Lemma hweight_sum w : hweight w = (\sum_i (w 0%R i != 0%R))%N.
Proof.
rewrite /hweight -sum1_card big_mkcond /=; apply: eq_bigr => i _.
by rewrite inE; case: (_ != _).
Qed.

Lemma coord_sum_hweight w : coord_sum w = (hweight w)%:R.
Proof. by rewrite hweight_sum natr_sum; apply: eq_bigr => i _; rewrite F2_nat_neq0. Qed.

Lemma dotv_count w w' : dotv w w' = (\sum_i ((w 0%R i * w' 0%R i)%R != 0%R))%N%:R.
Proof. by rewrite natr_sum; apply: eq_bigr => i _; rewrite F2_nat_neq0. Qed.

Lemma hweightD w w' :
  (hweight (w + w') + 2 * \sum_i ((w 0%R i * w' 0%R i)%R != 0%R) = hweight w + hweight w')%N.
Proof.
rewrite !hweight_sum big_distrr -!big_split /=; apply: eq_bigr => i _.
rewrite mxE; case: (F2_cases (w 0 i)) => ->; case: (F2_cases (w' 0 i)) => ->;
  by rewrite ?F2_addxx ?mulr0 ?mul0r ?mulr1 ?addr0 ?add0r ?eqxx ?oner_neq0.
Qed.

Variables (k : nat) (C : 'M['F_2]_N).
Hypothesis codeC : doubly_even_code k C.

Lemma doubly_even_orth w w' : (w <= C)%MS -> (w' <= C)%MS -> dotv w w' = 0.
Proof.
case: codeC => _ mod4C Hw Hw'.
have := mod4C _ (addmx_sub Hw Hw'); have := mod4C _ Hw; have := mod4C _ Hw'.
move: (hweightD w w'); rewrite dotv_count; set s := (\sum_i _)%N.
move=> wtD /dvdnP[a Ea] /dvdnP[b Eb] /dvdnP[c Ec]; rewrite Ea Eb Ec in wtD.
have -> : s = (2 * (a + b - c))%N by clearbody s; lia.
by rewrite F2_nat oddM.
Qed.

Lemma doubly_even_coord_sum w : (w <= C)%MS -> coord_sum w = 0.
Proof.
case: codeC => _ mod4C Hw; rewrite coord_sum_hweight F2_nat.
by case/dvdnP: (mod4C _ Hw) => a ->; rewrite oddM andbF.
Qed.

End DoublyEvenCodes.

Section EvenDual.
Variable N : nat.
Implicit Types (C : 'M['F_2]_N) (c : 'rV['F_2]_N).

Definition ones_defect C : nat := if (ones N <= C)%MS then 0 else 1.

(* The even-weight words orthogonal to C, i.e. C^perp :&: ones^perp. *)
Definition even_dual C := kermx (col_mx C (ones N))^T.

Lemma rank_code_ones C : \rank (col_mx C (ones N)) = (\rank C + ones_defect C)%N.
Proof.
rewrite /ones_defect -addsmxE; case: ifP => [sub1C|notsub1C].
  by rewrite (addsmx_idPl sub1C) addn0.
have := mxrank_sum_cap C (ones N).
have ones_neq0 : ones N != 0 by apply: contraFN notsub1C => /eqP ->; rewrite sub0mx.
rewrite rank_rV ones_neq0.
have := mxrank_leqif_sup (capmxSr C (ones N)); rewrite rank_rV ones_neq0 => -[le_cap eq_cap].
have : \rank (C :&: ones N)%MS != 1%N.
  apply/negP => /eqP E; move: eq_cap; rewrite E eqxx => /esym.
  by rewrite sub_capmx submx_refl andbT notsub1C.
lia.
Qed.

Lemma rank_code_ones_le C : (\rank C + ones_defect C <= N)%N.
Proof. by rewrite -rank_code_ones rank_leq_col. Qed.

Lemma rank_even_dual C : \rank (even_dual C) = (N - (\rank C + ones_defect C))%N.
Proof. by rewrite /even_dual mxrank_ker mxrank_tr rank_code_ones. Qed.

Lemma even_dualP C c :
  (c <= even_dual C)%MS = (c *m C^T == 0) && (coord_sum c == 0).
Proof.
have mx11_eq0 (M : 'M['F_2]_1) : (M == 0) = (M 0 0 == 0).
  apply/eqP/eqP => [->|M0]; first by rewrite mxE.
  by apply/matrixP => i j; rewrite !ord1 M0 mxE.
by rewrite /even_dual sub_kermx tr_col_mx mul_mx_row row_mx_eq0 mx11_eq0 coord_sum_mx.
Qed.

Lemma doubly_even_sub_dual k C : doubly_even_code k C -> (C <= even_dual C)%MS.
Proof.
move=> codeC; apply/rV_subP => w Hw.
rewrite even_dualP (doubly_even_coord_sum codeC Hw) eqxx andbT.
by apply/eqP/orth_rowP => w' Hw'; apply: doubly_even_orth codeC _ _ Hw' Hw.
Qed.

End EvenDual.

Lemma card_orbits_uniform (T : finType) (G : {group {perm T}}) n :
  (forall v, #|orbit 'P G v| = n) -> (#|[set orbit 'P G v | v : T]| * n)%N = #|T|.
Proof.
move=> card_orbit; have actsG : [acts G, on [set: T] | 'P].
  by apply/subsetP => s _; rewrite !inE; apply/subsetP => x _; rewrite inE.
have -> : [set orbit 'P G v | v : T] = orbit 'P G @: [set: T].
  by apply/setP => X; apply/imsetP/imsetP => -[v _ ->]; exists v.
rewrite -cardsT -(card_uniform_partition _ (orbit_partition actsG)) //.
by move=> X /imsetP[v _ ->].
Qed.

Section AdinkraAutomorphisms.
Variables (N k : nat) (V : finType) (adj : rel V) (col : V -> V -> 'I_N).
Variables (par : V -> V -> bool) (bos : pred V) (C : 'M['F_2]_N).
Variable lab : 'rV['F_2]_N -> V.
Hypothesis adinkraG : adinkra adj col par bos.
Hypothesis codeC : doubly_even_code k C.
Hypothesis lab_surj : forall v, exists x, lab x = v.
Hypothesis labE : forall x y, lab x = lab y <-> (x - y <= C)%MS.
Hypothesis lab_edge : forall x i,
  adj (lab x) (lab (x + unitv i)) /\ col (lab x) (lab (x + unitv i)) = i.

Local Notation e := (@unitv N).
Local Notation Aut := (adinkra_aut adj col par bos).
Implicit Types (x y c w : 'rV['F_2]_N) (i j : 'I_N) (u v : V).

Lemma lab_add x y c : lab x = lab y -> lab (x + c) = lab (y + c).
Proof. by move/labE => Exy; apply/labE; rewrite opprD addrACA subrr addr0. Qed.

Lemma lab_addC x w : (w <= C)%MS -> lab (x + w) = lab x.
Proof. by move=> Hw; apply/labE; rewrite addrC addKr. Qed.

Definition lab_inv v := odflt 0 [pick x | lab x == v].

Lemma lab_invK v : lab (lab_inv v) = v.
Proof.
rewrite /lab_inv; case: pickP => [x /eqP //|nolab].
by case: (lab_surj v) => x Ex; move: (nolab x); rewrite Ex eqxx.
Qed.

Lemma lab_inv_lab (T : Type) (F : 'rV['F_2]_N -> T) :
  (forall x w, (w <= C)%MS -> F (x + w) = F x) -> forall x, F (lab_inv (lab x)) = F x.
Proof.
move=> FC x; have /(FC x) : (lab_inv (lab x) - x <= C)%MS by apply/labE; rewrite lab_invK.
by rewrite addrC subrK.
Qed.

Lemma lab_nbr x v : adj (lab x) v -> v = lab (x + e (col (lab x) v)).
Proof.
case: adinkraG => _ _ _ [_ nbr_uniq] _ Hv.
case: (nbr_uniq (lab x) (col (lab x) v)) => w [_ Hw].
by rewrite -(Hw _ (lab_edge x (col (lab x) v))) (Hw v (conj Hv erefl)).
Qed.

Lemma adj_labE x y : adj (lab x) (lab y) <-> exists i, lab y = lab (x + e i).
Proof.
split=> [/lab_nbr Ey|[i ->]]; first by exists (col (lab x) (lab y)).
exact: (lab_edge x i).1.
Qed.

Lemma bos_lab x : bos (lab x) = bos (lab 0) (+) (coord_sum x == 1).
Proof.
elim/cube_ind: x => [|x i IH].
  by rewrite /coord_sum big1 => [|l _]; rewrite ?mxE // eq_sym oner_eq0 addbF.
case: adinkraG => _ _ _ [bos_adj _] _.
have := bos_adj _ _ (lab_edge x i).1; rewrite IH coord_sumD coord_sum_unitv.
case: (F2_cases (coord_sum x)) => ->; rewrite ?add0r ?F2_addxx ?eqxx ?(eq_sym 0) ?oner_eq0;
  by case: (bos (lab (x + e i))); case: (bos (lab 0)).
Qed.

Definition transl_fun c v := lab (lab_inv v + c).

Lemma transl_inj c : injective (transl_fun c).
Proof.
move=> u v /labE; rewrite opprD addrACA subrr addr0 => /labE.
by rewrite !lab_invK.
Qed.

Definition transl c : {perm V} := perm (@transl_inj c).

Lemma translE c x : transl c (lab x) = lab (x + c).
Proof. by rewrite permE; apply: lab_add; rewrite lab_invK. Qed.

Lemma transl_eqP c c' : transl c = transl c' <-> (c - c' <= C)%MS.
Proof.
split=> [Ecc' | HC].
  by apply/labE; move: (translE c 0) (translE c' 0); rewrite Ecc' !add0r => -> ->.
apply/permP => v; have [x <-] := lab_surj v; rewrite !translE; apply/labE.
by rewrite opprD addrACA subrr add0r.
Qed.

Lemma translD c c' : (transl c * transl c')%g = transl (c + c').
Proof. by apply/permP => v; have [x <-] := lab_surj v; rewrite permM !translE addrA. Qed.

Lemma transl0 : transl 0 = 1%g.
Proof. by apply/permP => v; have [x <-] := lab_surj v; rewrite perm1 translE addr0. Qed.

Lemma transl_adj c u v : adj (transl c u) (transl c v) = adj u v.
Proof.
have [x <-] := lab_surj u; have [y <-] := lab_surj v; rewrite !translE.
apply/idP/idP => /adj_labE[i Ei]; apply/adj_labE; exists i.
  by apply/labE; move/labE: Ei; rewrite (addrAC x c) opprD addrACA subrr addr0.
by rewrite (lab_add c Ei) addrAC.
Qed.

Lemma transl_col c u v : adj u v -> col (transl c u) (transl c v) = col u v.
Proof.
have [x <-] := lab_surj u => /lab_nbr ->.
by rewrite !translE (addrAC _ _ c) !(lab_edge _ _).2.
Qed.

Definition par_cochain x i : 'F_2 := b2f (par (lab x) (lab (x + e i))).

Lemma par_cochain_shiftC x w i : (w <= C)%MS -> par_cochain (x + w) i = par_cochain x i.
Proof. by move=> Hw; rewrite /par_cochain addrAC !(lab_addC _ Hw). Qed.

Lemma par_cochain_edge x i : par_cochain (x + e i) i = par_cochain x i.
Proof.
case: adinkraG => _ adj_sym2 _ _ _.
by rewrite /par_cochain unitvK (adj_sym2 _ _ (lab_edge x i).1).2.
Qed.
------------------------
== Required work ==
Your task is to restate, word for word, only those lines above that fall between the line holding "by rewrite /even_dual sub_kermx" and the line holding "rewrite even_dualP (doubly_even_coord_sum", inclusive.

== Answer below ==
by rewrite /even_dual sub_kermx tr_col_mx mul_mx_row row_mx_eq0 mx11_eq0 coord_sum_mx.
Qed.

Lemma doubly_even_sub_dual k C : doubly_even_code k C -> (C <= even_dual C)%MS.
Proof.
move=> codeC; apply/rV_subP => w Hw.
rewrite even_dualP (doubly_even_coord_sum codeC Hw) eqxx andbT.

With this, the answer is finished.